Data extracted from a collection:

== == ==

Lemma cprod_has_sum a b s A B M q : 0 <= q < 1 ->
  (forall m, Cabs (Cmul (a m) (Cpow s m)) <= M * q ^ m) ->
  (forall m, Cabs (Cmul (b m) (Cpow s m)) <= M * q ^ m) ->
  ps_has_sum a s A -> ps_has_sum b s B -> ps_has_sum (cprod a b) s (Cmul A B).
Proof.
  intros Hq Ha Hb HA HB. unfold ps_has_sum, ps_partial in HA, HB. apply ps_has_sum_ser.
  set (u := fun m => Cmul (a m) (Cpow s m)) in *. set (v := fun m => Cmul (b m) (Cpow s m)) in *.
  destruct HA as [HA1 HA2]. destruct HB as [HB1 HB2].
  assert (Du1 : forall p, Rabs (fst (u p)) <= M * q ^ p)
    by (intro; eapply Rle_trans; [apply Cabs_fst | apply Ha]).
  assert (Du2 : forall p, Rabs (snd (u p)) <= M * q ^ p)
    by (intro; eapply Rle_trans; [apply Cabs_snd | apply Ha]).
  assert (Dv1 : forall p, Rabs (fst (v p)) <= M * q ^ p)
    by (intro; eapply Rle_trans; [apply Cabs_fst | apply Hb]).
  assert (Dv2 : forall p, Rabs (snd (v p)) <= M * q ^ p)
    by (intro; eapply Rle_trans; [apply Cabs_snd | apply Hb]).
  assert (SA1 : Un_cv (fun n => sum_f_R0 (fun p => fst (u p)) n) (fst A))
    by (eapply (Un_cv_eventually _ _ _ O); [| exact HA1]; intros; cbv beta; now rewrite csum_fst).
  assert (SA2 : Un_cv (fun n => sum_f_R0 (fun p => snd (u p)) n) (snd A))
    by (eapply (Un_cv_eventually _ _ _ O); [| exact HA2]; intros; cbv beta; now rewrite csum_snd).
  assert (SB1 : Un_cv (fun n => sum_f_R0 (fun p => fst (v p)) n) (fst B))
    by (eapply (Un_cv_eventually _ _ _ O); [| exact HB1]; intros; cbv beta; now rewrite csum_fst).
  assert (SB2 : Un_cv (fun n => sum_f_R0 (fun p => snd (v p)) n) (snd B))
    by (eapply (Un_cv_eventually _ _ _ O); [| exact HB2]; intros; cbv beta; now rewrite csum_snd).
  split.
  - apply Un_cv_eventually with (N0 := O) (V := fun N =>
      cauchy_partial (fun p => fst (u p)) (fun p => fst (v p)) N
      - cauchy_partial (fun p => snd (u p)) (fun p => snd (v p)) N).
    + intros N _. rewrite csum_fst. unfold cauchy_partial. rewrite <- minus_sum.
      apply sum_eq. intros k Hk. rewrite cprod_term, csum_fst, <- minus_sum.
      apply sum_eq. intros p Hp. reflexivity.
    + simpl. apply CV_minus; eapply real_mertens; eauto.
  - apply Un_cv_eventually with (N0 := O) (V := fun N =>
      cauchy_partial (fun p => fst (u p)) (fun p => snd (v p)) N
      + cauchy_partial (fun p => snd (u p)) (fun p => fst (v p)) N).
    + intros N _. rewrite csum_snd. unfold cauchy_partial. rewrite <- sum_plus.
      apply sum_eq. intros k Hk. rewrite cprod_term, csum_snd, <- sum_plus.
      apply sum_eq. intros p Hp. reflexivity.
    + simpl. apply CV_plus; eapply real_mertens; eauto.
Qed.

Lemma geom_dominated_join (u v : nat -> Cplx) M1 q1 M2 q2 : 0 <= q1 < 1 -> 0 <= q2 < 1 ->
  (forall m, Cabs (u m) <= M1 * q1 ^ m) -> (forall m, Cabs (v m) <= M2 * q2 ^ m) ->
  exists M q, 0 <= q < 1 /\ (forall m, Cabs (u m) <= M * q ^ m) /\ (forall m, Cabs (v m) <= M * q ^ m).
Proof.
  intros H1 H2 Hu Hv. exists (Rmax M1 M2), (Rmax q1 q2).
  split. { unfold Rmax; destruct Rle_dec; lra. }
  assert (HM1 : 0 <= M1) by (specialize (Hu O); simpl in Hu; generalize (Cabs_ge0 (u O)); lra).
  assert (HM2 : 0 <= M2) by (specialize (Hv O); simpl in Hv; generalize (Cabs_ge0 (v O)); lra).
  split; intro m.
  - eapply Rle_trans. apply Hu. apply Rmult_le_compat; auto. apply pow_le; lra. apply Rmax_l.
    apply pow_incr. split. lra. apply Rmax_l.
  - eapply Rle_trans. apply Hv. apply Rmult_le_compat; auto. apply pow_le; lra. apply Rmax_r.
    apply pow_incr. split. lra. apply Rmax_r.
Qed.

Lemma cprod_conv a b rho : 0 < rho -> ps_conv_on a rho -> ps_conv_on b rho ->
  ps_conv_on (cprod a b) rho /\
  forall s, Cnorm2 s < rho * rho -> ps_eval (cprod a b) s = Cmul (ps_eval a s) (ps_eval b s).
Proof.
  intros Hr Ha Hb.
  assert (K : forall s, Cnorm2 s < rho * rho ->
            ps_has_sum (cprod a b) s (Cmul (ps_eval a s) (ps_eval b s))).
  { intros s Hs. destruct (conv_dominated a rho s Hr Ha Hs) as [M1 [q1 [Hq1 H1]]].
    destruct (conv_dominated b rho s Hr Hb Hs) as [M2 [q2 [Hq2 H2]]].
    destruct (geom_dominated_join _ _ _ _ _ _ Hq1 Hq2 H1 H2) as [M [q [Hq [D1 D2]]]].
    eapply cprod_has_sum; eauto; eapply ps_eval_spec; eauto. }
  split; intros s Hs. - eexists; eauto. - apply ps_eval_eq; auto.
Qed.

Lemma fin_has_sum a K s : (forall m, (K <= m)%nat -> a m = C0) ->
  ps_has_sum a s (csum K (fun m => Cmul (a m) (Cpow s m))).
Proof.
  intros H. apply ps_has_sum_ser.
  assert (E : forall N, (K <= N)%nat -> csum (S N) (fun m => Cmul (a m) (Cpow s m))
                                     = csum K (fun m => Cmul (a m) (Cpow s m))).
  { intros N HN. apply csum_trailing_zero; [| lia]. intros m Hm. rewrite H by auto. apply Cmul_0l. }
  split; eapply Un_cv_eventually with (N0 := K); try apply Un_cv_const; intros n Hn; now rewrite E.
Qed.

Lemma fin_conv a K rho : (forall m, (K <= m)%nat -> a m = C0) -> ps_conv_on a rho.
Proof. intros H s Hs. eexists. now apply (fin_has_sum a K). Qed.

Lemma fin_eval a K s : (forall m, (K <= m)%nat -> a m = C0) ->
  ps_eval a s = csum K (fun m => Cmul (a m) (Cpow s m)).
Proof. intros H. apply ps_eval_eq. now apply fin_has_sum. Qed.

(* [sh n a] is the series [a] divided by [t^n] (dropping the first [n] terms);
   [tn n] is the monomial [t^n]. *)
Definition sh (n : nat) (a : nat -> Cplx) (m : nat) : Cplx := a (m + n)%nat.
Definition tn (n : nat) (m : nat) : Cplx := if Nat.eqb m n then Defs.C1 else C0.

Lemma tn_support n m : (S n <= m)%nat -> tn n m = C0.
Proof. intros Hm. unfold tn. destruct (Nat.eqb_spec m n); [lia | auto]. Qed.

Lemma sh_conv n a rho : 0 < rho -> ps_conv_on a rho -> ps_conv_on (sh n a) rho.
Proof.
  intros Hr H. apply coef_bound_conv; auto. intros c Hc.
  destruct (conv_coef_bound a rho H c Hc) as [M HM]. exists (M / c ^ n). intro m. unfold sh.
  assert (0 < c ^ n) by (apply pow_lt; lra). specialize (HM (m + n)%nat). rewrite pow_add in HM.
  unfold Rdiv. apply Rmult_le_reg_r with (c ^ n); auto.
  replace (M * / c ^ n * c ^ n) with M by (field; lra). nra.
Qed.

Lemma tn_eval n s : ps_eval (tn n) s = Cpow s n.
Proof.
  rewrite (fin_eval (tn n) (S n)) by apply tn_support. simpl. rewrite csum_zero.
  - unfold tn. rewrite Nat.eqb_refl, Cadd_0l, Cmul_1l. auto.
  - intros m Hm. unfold tn. destruct (Nat.eqb_spec m n); [lia | apply Cmul_0l].
Qed.

Lemma cprod_tn n a : (forall m, (m < n)%nat -> a m = C0) -> cprod (tn n) (sh n a) = a.
Proof.
  intros H. apply functional_extensionality. intro m. unfold cprod.
  destruct (le_lt_dec n m) as [Hm|Hm].
  - replace (S m) with (S n + (m - n))%nat by lia.
    assert (Split : forall k f, csum (S n + k) f
                              = Cadd (csum (S n) f) (csum k (fun j => f (S n + j)%nat))).
    { induction k as [|k IHk]; intros f.
      - rewrite Nat.add_0_r. simpl. now rewrite Cadd_0r.
      - replace (S n + S k)%nat with (S (S n + k)) by lia.
        change (csum (S (S n + k)) f) with (Cadd (csum (S n + k) f) (f (S n + k)%nat)).
        rewrite (IHk f). rewrite <- Cadd_assoc. f_equal. }
    rewrite Split, (csum_zero (m - n)), Cadd_0r. simpl. rewrite csum_zero.
    + unfold tn. rewrite Nat.eqb_refl, Cadd_0l, Cmul_1l. unfold sh. f_equal. lia.
    + intros k Hk. unfold tn. destruct (Nat.eqb_spec k n); [lia | apply Cmul_0l].
    + intros k Hk. rewrite tn_support by lia. apply Cmul_0l.
  - rewrite H by auto. apply csum_zero. intros k Hk. unfold tn.
    destruct (Nat.eqb_spec k n); [lia | apply Cmul_0l].
Qed.

Lemma shift_eval n a rho s : 0 < rho -> ps_conv_on a rho -> (forall m, (m < n)%nat -> a m = C0) ->
  Cnorm2 s < rho * rho -> ps_eval a s = Cmul (Cpow s n) (ps_eval (sh n a) s).
Proof.
  intros Hr Ha H Hs. rewrite <- (cprod_tn n a H) at 1.
  destruct (cprod_conv (tn n) (sh n a) rho Hr) as [_ E].
  - apply fin_conv with (S n). apply tn_support.
  - now apply sh_conv.
  - rewrite E, tn_eval; auto.
Qed.

Lemma least_nonzero (a : nat -> Cplx) : (exists m, a m <> C0) ->
  exists n, a n <> C0 /\ forall m, (m < n)%nat -> a m = C0.
Proof.
  intros [m Hm]. revert Hm. induction m as [m IH] using (well_founded_induction Wf_nat.lt_wf).
  intros Hm. destruct (classic (exists k, (k < m)%nat /\ a k <> C0)) as [[k [Hk1 Hk2]] | Hno].
  - apply (IH k Hk1 Hk2).
  - exists m. split; auto. intros k Hk. apply NNPP. intro. apply Hno. eauto.
Qed.

Lemma ser_near_constant_term h s w M t : 0 <= t <= 1/2 ->
  (forall m, Cabs (Cmul (h m) (Cpow s m)) <= M * t ^ m) ->
  ps_has_sum h s w -> Cabs (Csub w (h O)) <= 2 * M * t.
Proof.
  intros Ht Dom Hw. apply ps_has_sum_ser in Hw.
  assert (HM : 0 <= M) by (specialize (Dom O); simpl in Dom; generalize (Cabs_ge0 (Cmul (h O) Defs.C1)); nra).
  apply ser_limit_bound with (u := fun m => Cmul (h m) (Cpow s m)); auto. { nra. }
  intro N. rewrite csum_first.
  replace (Csub (Cadd (Cmul (h O) (Cpow s O)) (csum N (fun m => Cmul (h (S m)) (Cpow s (S m))))) (h O))
    with (csum N (fun m => Cmul (h (S m)) (Cpow s (S m))))
    by (generalize (h O) (csum N (fun m => Cmul (h (S m)) (Cpow s (S m)))); simpl; intros; cplx_ring).
  eapply Rle_trans. apply Cabs_csum.
  apply Rle_trans with (rsum N (fun m => (M * t) * t ^ m)).
  { apply rsum_le. intros m _. replace (M * t * t ^ m) with (M * t ^ (S m)) by (simpl; ring). apply Dom. }
  rewrite rsum_scal. apply Rle_trans with (M * t * / (1 - t)).
  { apply Rmult_le_compat_l. nra. apply rsum_geom; lra. }
  assert (Hi : / (1 - t) <= 2) by (apply Rmult_le_reg_r with (1 - t); [lra | rewrite Rinv_l by lra; lra]).
  assert (0 <= M * t) by nra. nra.
Qed.

Lemma ps_nonzero_near_origin h rho : 0 < rho -> ps_conv_on h rho -> h O <> C0 ->
  exists x, 0 < x < rho /\ ps_eval h (x, 0) <> C0.
Proof.
  intros Hr Hc H0. set (c := rho / 2). assert (Hc0 : 0 < c < rho) by (unfold c; lra).
  destruct (conv_coef_bound h rho Hc c Hc0) as [M HM].
  assert (HM0 : 0 <= M) by (specialize (HM O); simpl in HM; generalize (Cabs_ge0 (h O)); nra).
  assert (Hh : 0 < Cabs (h O))
    by (destruct (Cabs_ge0 (h O)); auto; exfalso; apply H0, Cabs_eq0; auto).
  set (x := Rmin (c / 2) (Cabs (h O) * c / (4 * (M + 1)))).
  assert (Hx0 : 0 < x) by (apply Rmin_pos; [lra | apply Rdiv_lt_0_compat; nra]).
  assert (Hx1 : x <= c / 2) by apply Rmin_l.
  assert (Hx2 : x <= Cabs (h O) * c / (4 * (M + 1))) by apply Rmin_r.
  exists x. split. { lra. }
  set (t := x / c).
  assert (Ht : 0 < t <= 1/2).
  { unfold t. split. - apply Rdiv_lt_0_compat; lra.
    - apply Rmult_le_reg_r with c. lra. unfold Rdiv. rewrite Rmult_assoc, Rinv_l by lra. lra. }
  assert (Dom : forall m, Cabs (Cmul (h m) (Cpow (x, 0) m)) <= M * t ^ m).
  { intro m. rewrite Cabs_mul, Cabs_pow, Cabs_real, Rabs_pos_eq by lra. specialize (HM m).
    unfold t, Rdiv. rewrite Rpow_mult_distr, pow_inv. assert (0 < c ^ m) by (apply pow_lt; lra).
    replace (Cabs (h m) * x ^ m) with ((Cabs (h m) * c ^ m) * (x ^ m * / c ^ m)) by (field; lra).
    apply Rmult_le_compat_r; auto.
    apply Rmult_le_pos. apply pow_le; lra. now apply Rlt_le, Rinv_0_lt_compat. }
  assert (Hs : Cnorm2 (x, 0) < rho * rho) by (unfold Cnorm2; simpl; nra).
  assert (Near := ser_near_constant_term h (x, 0) _ M t ltac:(lra) Dom (ps_eval_spec h rho _ Hr Hc Hs)).
  assert (Small : 2 * M * t < Cabs (h O)).
  { unfold t. apply Rle_lt_trans with (2 * M * (Cabs (h O) / (4 * (M + 1)))).
    - apply Rmult_le_compat_l. lra. apply Rmult_le_reg_r with c. lra.
      unfold Rdiv at 1. rewrite Rmult_assoc, Rinv_l by lra.
      replace (Cabs (h O) / (4 * (M + 1)) * c) with (Cabs (h O) * c / (4 * (M + 1))) by (field; lra).
      lra.
    - apply Rmult_lt_reg_r with (4 * (M + 1)). lra. unfold Rdiv.
      replace (2 * M * (Cabs (h O) * / (4 * (M + 1))) * (4 * (M + 1))) with (2 * M * Cabs (h O))
        by (field; lra). nra. }
  intro E. rewrite E in Near.
  replace (Csub C0 (h O)) with (Copp (h O)) in Near by (generalize (h O); intros; cplx_ring).
  rewrite Cabs_opp in Near. lra.
Qed.

Lemma ps_zero_on_segment a rho : 0 < rho -> ps_conv_on a rho ->
  (forall x, 0 < x < rho -> ps_eval a (x, 0) = C0) -> forall m, a m = C0.
Proof.
  intros Hr Hc Hzero. apply NNPP. intros Hnz. apply not_all_ex_not in Hnz.
  destruct (least_nonzero a Hnz) as [n [Hn Hlt]].
  destruct (ps_nonzero_near_origin (sh n a) rho Hr (sh_conv n a rho Hr Hc)) as [x [Hx Hsh]].
  { exact Hn. }
  assert (Hx0 : (x, 0) <> C0) by (intro E; inversion E; lra).
  apply (Cmul_neq0 (Cpow (x, 0) n) _ (Cpow_neq0 _ n Hx0) Hsh).
  rewrite <- (shift_eval n a rho); auto. unfold Cnorm2; simpl; nra.
Qed.

Lemma common_radius (k : nat) (P : nat -> R -> Prop) :
  (forall i rho rho', P i rho -> 0 < rho' <= rho -> P i rho') ->
  (forall i, (i < k)%nat -> exists rho, 0 < rho /\ P i rho) ->
  exists rho, 0 < rho /\ forall i, (i < k)%nat -> P i rho.
Proof.
  intros Hm. induction k; intros H.
  - exists 1. split. lra. intros; lia.
  - destruct IHk as [r1 [Hr1 H1]]. { intros; apply H; lia. }
    destruct (H k) as [r2 [Hr2 H2]]. { lia. }
    exists (Rmin r1 r2). split. { now apply Rmin_pos. } intros i Hi.
    destruct (Nat.eq_dec i k).
    + subst. eapply Hm; eauto. split. now apply Rmin_pos. apply Rmin_r.
    + eapply Hm. apply H1. lia. split. now apply Rmin_pos. apply Rmin_l.
Qed.

Lemma germ_common_radius a b : is_germ a -> is_germ b ->
  exists rho, 0 < rho /\ ps_conv_on a rho /\ ps_conv_on b rho.
Proof.
  intros [r1 [H1 Ca]] [r2 [H2 Cb]]. exists (Rmin r1 r2). split. { now apply Rmin_pos. }
  split; eapply conv_mono; eauto; (split; [now apply Rmin_pos | ]); [apply Rmin_l | apply Rmin_r].
Qed.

== == ==

YOUR TASK: All that is wanted is a faithful reproduction of the line above with "by (intro; eapply Rle_trans; [apply Cabs_snd | apply Ha]).", the line with "- cauchy_partial (fun", and every line in between.

ANSWER SECTION:
    by (intro; eapply Rle_trans; [apply Cabs_snd | apply Ha]).
  assert (Dv1 : forall p, Rabs (fst (v p)) <= M * q ^ p)
    by (intro; eapply Rle_trans; [apply Cabs_fst | apply Hb]).
  assert (Dv2 : forall p, Rabs (snd (v p)) <= M * q ^ p)
    by (intro; eapply Rle_trans; [apply Cabs_snd | apply Hb]).
  assert (SA1 : Un_cv (fun n => sum_f_R0 (fun p => fst (u p)) n) (fst A))
    by (eapply (Un_cv_eventually _ _ _ O); [| exact HA1]; intros; cbv beta; now rewrite csum_fst).
  assert (SA2 : Un_cv (fun n => sum_f_R0 (fun p => snd (u p)) n) (snd A))
    by (eapply (Un_cv_eventually _ _ _ O); [| exact HA2]; intros; cbv beta; now rewrite csum_snd).
  assert (SB1 : Un_cv (fun n => sum_f_R0 (fun p => fst (v p)) n) (fst B))
    by (eapply (Un_cv_eventually _ _ _ O); [| exact HB1]; intros; cbv beta; now rewrite csum_fst).
  assert (SB2 : Un_cv (fun n => sum_f_R0 (fun p => snd (v p)) n) (snd B))
    by (eapply (Un_cv_eventually _ _ _ O); [| exact HB2]; intros; cbv beta; now rewrite csum_snd).
  split.
  - apply Un_cv_eventually with (N0 := O) (V := fun N =>
      cauchy_partial (fun p => fst (u p)) (fun p => fst (v p)) N
      - cauchy_partial (fun p => snd (u p)) (fun p => snd (v p)) N).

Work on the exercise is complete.